O “novo Marx” consegue pôr uma plateia a rir mesmo a falar de desigualdades
Menos tributação sobre o trabalho, mais tributação sobre a riqueza. Foi esta a síntese de Piketty na Gulbenkian, em Lisboa: um resumo em hora e meia das mais de 900 páginas de O Capital no século XXI.
Enquanto gesticula com os braços e aponta para o ecrã onde vai desfiando sucessivos gráficos com as grandes tendências da distribuição da riqueza ao longo de mais de um século (nos EUA, na Europa, no Japão…), Piketty parece querer testar a plateia com as suas tiradas de ironia, ao falar sobre a crise na zona euro, a distribuição de rendimentos, o nível da carga fiscal em Portugal… Não estamos na Paris School of Economics, onde economista francês dá aulas, mas no grande auditório da Fundação Calouste Gulbenkian, em Lisboa, que esta segunda-feira encheu para o ouvir sustentar a ideia de que a tributação sobre a riqueza ajuda a corrigir as desigualdades na distribuição dos rendimentos.
Foi como uma aula, uma hora e meia para sintetizar as mais de 900 páginas de O capital no século XXI (editado em Portugal pela Temas e Debates). E Piketty fez jus à fama de rockstar economist que foi ganhando à medida que o debate e a controvérsia cresciam com as reedições do seu livro à escala global. Quarenta minutos antes da conferência, já o auditório estava praticamente lotado, obrigando centenas de presentes a acompanhá-lo à distância, num outro auditório da fundação onde a conferência passava em directo.
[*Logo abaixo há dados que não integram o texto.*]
(* For a random subcomplex $X$ of $\triangle_n$ the following are equivalent: (1) $X$ is spatially independent; (2) for all $Y_1,Y_2\in S_n$ with $\mathbb{P}(Y_2\subset X)>0$, $\mathbb{P}(Y_1\subset X\mid Y_2\subset X)=\mathbb{P}(Y_1\subset X\mid Y_1\cap Y_2\subset X)$; (3) for all $Y_1,Y_2\in S_n$ with $\mathbb{P}(Y_1\cap Y_2\subset X)>0$, $\mathbb{P}(Y_1\cup Y_2\subset X\mid Y_1\cap Y_2\subset X)=\mathbb{P}(Y_1\subset X\mid Y_1\cap Y_2\subset X)\,\mathbb{P}(Y_2\subset X\mid Y_1\cap Y_2\subset X)$; (4) for all $Y_1,Y_2,Z\in S_n$ with $Y_1\cap Y_2\subset Z$ and $\mathbb{P}(Z\subset X)>0$, $\mathbb{P}(Y_1\cup Y_2\subset X\mid Z\subset X)=\mathbb{P}(Y_1\subset X\mid Z\subset X)\,\mathbb{P}(Y_2\subset X\mid Z\subset X)$.
   Context: $\triangle_n=2^{[n]}$; $S_n$ is the set of subcomplexes of $\triangle_n$ (families of subsets of $[n]$ closed under taking subsets); a random subcomplex is an $S_n$-valued random variable. $X$ is spatially independent if $\mathbb{P}(Y_1\cup Y_2\subset X)\,\mathbb{P}(Y_1\cap Y_2\subset X)=\mathbb{P}(Y_1\subset X)\,\mathbb{P}(Y_2\subset X)$ for all $Y_1,Y_2\in S_n$. *)

From HB Require Import structures.
From mathcomp Require Import all_boot all_order all_algebra.
Set Implicit Arguments. Unset Strict Implicit. Unset Printing Implicit Defensive.
Import Order.TTheory GRing.Theory Num.Theory.
Local Open Scope ring_scope.

(* Faces of the full simplex on [n] = {0,..,n-1} are subsets of 'I_n;
   a family of faces is a {set {set 'I_n}}. *)
Definition is_complex (n : nat) (Y : {set {set 'I_n}}) : bool :=
  [forall s : {set 'I_n}, forall t : {set 'I_n},
     (s \in Y) && (t \subset s) ==> (t \in Y)].

Definition random_subcomplex (R : realFieldType) (n : nat)
    (p : {set {set 'I_n}} -> R) : Prop :=
  [/\ forall X, 0 <= p X,
      \sum_(X : {set {set 'I_n}}) p X = 1
    & forall X, p X != 0 -> is_complex X].

Definition Pin (R : realFieldType) (n : nat) (p : {set {set 'I_n}} -> R)
    (Y : {set {set 'I_n}}) : R :=
  \sum_(X : {set {set 'I_n}} | Y \subset X) p X.

Definition Pcond (R : realFieldType) (n : nat) (p : {set {set 'I_n}} -> R)
    (Y1 Y2 : {set {set 'I_n}}) : R :=
  (\sum_(X : {set {set 'I_n}} | (Y1 \subset X) && (Y2 \subset X)) p X)
    / Pin p Y2.

Definition spatially_independent (R : realFieldType) (n : nat)
    (p : {set {set 'I_n}} -> R) : Prop :=
  forall Y1 Y2 : {set {set 'I_n}}, is_complex Y1 -> is_complex Y2 ->
    Pin p (Y1 :|: Y2) * Pin p (Y1 :&: Y2) = Pin p Y1 * Pin p Y2.

(* Everything reduces to the identity P(Y1 | Y2) = P(Y1 u Y2) / P(Y2): each of
   (2), (3), (4) is then the product rule (1) divided by a positive probability,
   and (4) follows from (1) applied to Y1 u Z and Y2 u Z, whose intersection is Z.
   When the conditioning probability vanishes, (1) holds trivially because
   P(Y subset X) is antitone in Y. *)
From HB Require Import structures.
From mathcomp Require Import all_boot all_order all_algebra.
From mathcomp Require Import ring.
Set Implicit Arguments. Unset Strict Implicit. Unset Printing Implicit Defensive.
Import Order.TTheory GRing.Theory Num.Theory.
Local Open Scope ring_scope.

Section Complexes.
Variable n : nat.
Implicit Types Y Z : {set {set 'I_n}}.

Lemma is_complexU Y Z : is_complex Y -> is_complex Z -> is_complex (Y :|: Z).
Proof.
move=> /forallP hY /forallP hZ; apply/forallP=> s; apply/forallP=> t.
apply/implyP=> /andP[]; rewrite !inE => /orP[hs|hs] ht.
  by rewrite (implyP (forallP (hY s) t)) ?hs ?ht.
by rewrite (implyP (forallP (hZ s) t)) ?hs ?ht ?orbT.
Qed.

Lemma is_complexI Y Z : is_complex Y -> is_complex Z -> is_complex (Y :&: Z).
Proof.
move=> /forallP hY /forallP hZ; apply/forallP=> s; apply/forallP=> t.
apply/implyP=> /andP[]; rewrite !inE => /andP[hsY hsZ] ht.
by rewrite (implyP (forallP (hY s) t)) ?hsY ?ht // (implyP (forallP (hZ s) t)) ?hsZ ?ht.
Qed.

End Complexes.

Lemma eqr_div_prod (R : fieldType) (a b c d : R) :
  c != 0 -> (a / c == b / c * (d / c)) = (a * c == b * d).
Proof.
move=> c_neq0; apply/eqP/eqP => [h | h].
  by rewrite -(divfK c_neq0 a) h; field.
by rewrite -(mulfK c_neq0 a) h; field.
Qed.

Section SpatialIndependence.
Variables (R : realFieldType) (n : nat) (p : {set {set 'I_n}} -> R).
Hypothesis p_ge0 : forall X, 0 <= p X.
Implicit Types Y Z : {set {set 'I_n}}.

Definition cond_on_meet := forall Y1 Y2, is_complex Y1 -> is_complex Y2 ->
  0 < Pin p Y2 -> Pcond p Y1 Y2 = Pcond p Y1 (Y1 :&: Y2).

Definition indep_given_meet := forall Y1 Y2, is_complex Y1 -> is_complex Y2 ->
  0 < Pin p (Y1 :&: Y2) ->
  Pcond p (Y1 :|: Y2) (Y1 :&: Y2) = Pcond p Y1 (Y1 :&: Y2) * Pcond p Y2 (Y1 :&: Y2).

Definition indep_given_super := forall Y1 Y2 Z,
  is_complex Y1 -> is_complex Y2 -> is_complex Z ->
  Y1 :&: Y2 \subset Z -> 0 < Pin p Z ->
  Pcond p (Y1 :|: Y2) Z = Pcond p Y1 Z * Pcond p Y2 Z.

Lemma PcondE Y1 Y2 : Pcond p Y1 Y2 = Pin p (Y1 :|: Y2) / Pin p Y2.
Proof. by congr (_ / _); apply: eq_bigl => X; rewrite subUset. Qed.

Lemma Pin_ge0 Y : 0 <= Pin p Y.
Proof. exact: sumr_ge0. Qed.

Lemma Pin_le Y Z : Y \subset Z -> Pin p Z <= Pin p Y.
Proof.
move=> sYZ; rewrite /Pin [leRHS](bigID (fun X : {set {set 'I_n}} => Z \subset X)) /=.
rewrite -[leLHS]addr0 lerD ?sumr_ge0 //.
by under [leRHS]eq_bigl => X do rewrite (andb_idl (subset_trans sYZ)).
Qed.

Lemma Pin_eq0_sub Y Z : Y \subset Z -> Pin p Y = 0 -> Pin p Z = 0.
Proof. by move=> sYZ h; apply/eqP; rewrite eq_le Pin_ge0 andbT -h Pin_le. Qed.

Lemma Pin_meet_gt0 Y1 Y2 : 0 < Pin p Y2 -> 0 < Pin p (Y1 :&: Y2).
Proof. by move=> h; apply: (lt_le_trans h (Pin_le (subsetIr Y1 Y2))). Qed.

Lemma spatially_independent_cond_on_meet :
  spatially_independent p <-> cond_on_meet.
Proof.
split=> [indep Y1 Y2 c1 c2 h2 | cond Y1 Y2 c1 c2].
  rewrite !PcondE (setUidPl (subsetIl Y1 Y2)); apply/eqP.
  by rewrite eqr_div ?lt0r_neq0 ?Pin_meet_gt0 // indep.
have [h0 | h2] := eqVneq (Pin p Y2) 0.
  by rewrite h0 (Pin_eq0_sub (subsetUr Y1 Y2)) ?mul0r ?mulr0.
have {}h2 : 0 < Pin p Y2 by rewrite lt0r h2 Pin_ge0.
apply/eqP; move: (cond Y1 Y2 c1 c2 h2).
rewrite !PcondE (setUidPl (subsetIl Y1 Y2)) => /eqP.
by rewrite eqr_div ?lt0r_neq0 ?Pin_meet_gt0.
Qed.

Lemma spatially_independent_indep_given_meet :
  spatially_independent p <-> indep_given_meet.
Proof.
have condE Y1 Y2 : Pin p (Y1 :&: Y2) != 0 ->
    (Pcond p (Y1 :|: Y2) (Y1 :&: Y2) == Pcond p Y1 (Y1 :&: Y2) * Pcond p Y2 (Y1 :&: Y2))
    = (Pin p (Y1 :|: Y2) * Pin p (Y1 :&: Y2) == Pin p Y1 * Pin p Y2).
  move=> hI; rewrite !PcondE eqr_div_prod //.
  by rewrite (setUidPl (subsetIl Y1 Y2)) (setUidPl (subsetIr Y1 Y2))
    (setUidPl (subset_trans (subsetIl Y1 Y2) (subsetUl Y1 Y2))).
split=> [indep Y1 Y2 c1 c2 hI | cond Y1 Y2 c1 c2].
  by apply/eqP; rewrite condE ?lt0r_neq0 // indep.
have [h0 | hI] := eqVneq (Pin p (Y1 :&: Y2)) 0.
  by rewrite h0 (Pin_eq0_sub (subsetIl Y1 Y2)) ?mul0r ?mulr0.
apply/eqP; rewrite -condE //; apply/eqP/cond => //.
by rewrite lt0r hI Pin_ge0.
Qed.

Lemma spatially_independent_indep_given_super :
  spatially_independent p -> indep_given_super.
Proof.
move=> indep Y1 Y2 Z c1 c2 cZ sZ hZ; apply/eqP.
rewrite !PcondE eqr_div_prod ?lt0r_neq0 //.
have := indep _ _ (is_complexU c1 cZ) (is_complexU c2 cZ).
by rewrite setUACA setUid -setUIl (setUidPr sZ) => ->.
Qed.

Lemma indep_given_super_meet : indep_given_super -> indep_given_meet.
Proof. by move=> h Y1 Y2 c1 c2; apply: h (is_complexI c1 c2) (subxx _). Qed.

End SpatialIndependence.

Theorem lemma3p1 (R : realFieldType) (n : nat) (p : {set {set 'I_n}} -> R)
  (hp : random_subcomplex p) :
  [<-> spatially_independent p;
       forall Y1 Y2 : {set {set 'I_n}}, is_complex Y1 -> is_complex Y2 ->
         0 < Pin p Y2 -> Pcond p Y1 Y2 = Pcond p Y1 (Y1 :&: Y2);
       forall Y1 Y2 : {set {set 'I_n}}, is_complex Y1 -> is_complex Y2 ->
         0 < Pin p (Y1 :&: Y2) ->
         Pcond p (Y1 :|: Y2) (Y1 :&: Y2)
           = Pcond p Y1 (Y1 :&: Y2) * Pcond p Y2 (Y1 :&: Y2);
       forall Y1 Y2 Z : {set {set 'I_n}},
         is_complex Y1 -> is_complex Y2 -> is_complex Z ->
         Y1 :&: Y2 \subset Z -> 0 < Pin p Z ->
         Pcond p (Y1 :|: Y2) Z = Pcond p Y1 Z * Pcond p Y2 Z].
Proof.
have [p_ge0 _ _] := hp.
have cond := spatially_independent_cond_on_meet p_ge0.
have meet := spatially_independent_indep_given_meet p_ge0.
tfae.
- by move/cond.
- by move/cond/meet.
- by move/meet/spatially_independent_indep_given_super.
- by move/indep_given_super_meet/meet.
Qed.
A ouvi-lo nas primeiras filas teve alguns políticos e ex-figuras de Estado. Se durante a manhã e a tarde se dividiu em encontros com o secretário-geral do PS, António Costa, o dirigente do Livre/Tempo de Avançar, Rui Tavares, e o ex-reitor António Sampaio da Nóvoa, na Gulbenkian não faltaram o ex-Presidente da República Jorge Sampaio, o ex-Presidente da Assembleia da República João Mota Amaral, o ex-ministro socialista das Obras Públicas António Mendonça, o ex-presidente da Gulbenkian Rui Vilar ou o ex-líder do PSD Marcelo Rebelo de Sousa.
Piketty falou em inglês. A primeira gargalhada da plateia aconteceu logo a abrir, quando advertiu os presentes para o seu acentuado sotaque francês, que o ajuda a sincopar as frases. Piketty começou por se referir à crise na zona euro e ao nível de dívida pública elevado dos países em crise para refutar a ideia de que só há uma solução política para responder a um problema que, diz, deve ser encarado como sendo “comum” aos 19 países da moeda única. “Há sempre alternativas” e “olhar para o passado [da evolução das desigualdades] abre um debate para várias soluções” sobre como responder à crise. E as soluções, vincou, têm de ser europeias.
A nova teoria para a evolução da desigualdade, que Piketty arrisca, está plasmada na obra que lhe valeu a alcunha de “novo Marx”. Piketty esteve em Lisboa para reciclar esses conceitos, ora apontando os exemplos históricos da sociedade norte-americana, ora fazendo o contraponto com a situação europeia e o caso português. “O aumento da desigualdade nos EUA nas últimas décadas deve-se principalmente ao aumento da desigualdade nos rendimentos do trabalho”, referiu.
Não foram raras as vezes em que Piketty, ironizando sobre a forma como os governos lidam com o combate às desigualdades, levou a plateia a rir durante alguns segundos. E aconteceu quando se referiu a países que têm taxas de 0% sobre as fortunas… No livro, Piketty analisou dados de duas dezenas de países, incluindo Portugal, um dos países onde nas últimas três décadas houve um maior aumento do peso do rendimento dos mais ricos. Se em 1982 os 1% mais ricos concentravam 4,3% do rendimento, em 2005, obtinham 9,85% do total.
Como muitas obras que parecem ter vindo para ficar, a de Piketty tem sido fonte de acesos debates, um multiplicador de reacções mais ou menos epidérmicas. A “aula” na Gulbenkian também não foi um monólogo.
Da plateia, o economista Rui Nuno Baleiras, membro do Conselho das Finanças Públicas, questionou se devem as pequenas economias usar a tributação para enfrentar os problemas sociais. Piketty considerou que, mesmo aí, os países “podem ter taxas mais progressivas sobre a propriedade”. E defendeu que “há reformas do sistema fiscal a fazer em Portugal e em toda a Europa”. Numa frase: “Menos tributação sobre o trabalho, mais tributação sobre a propriedade acumulada”.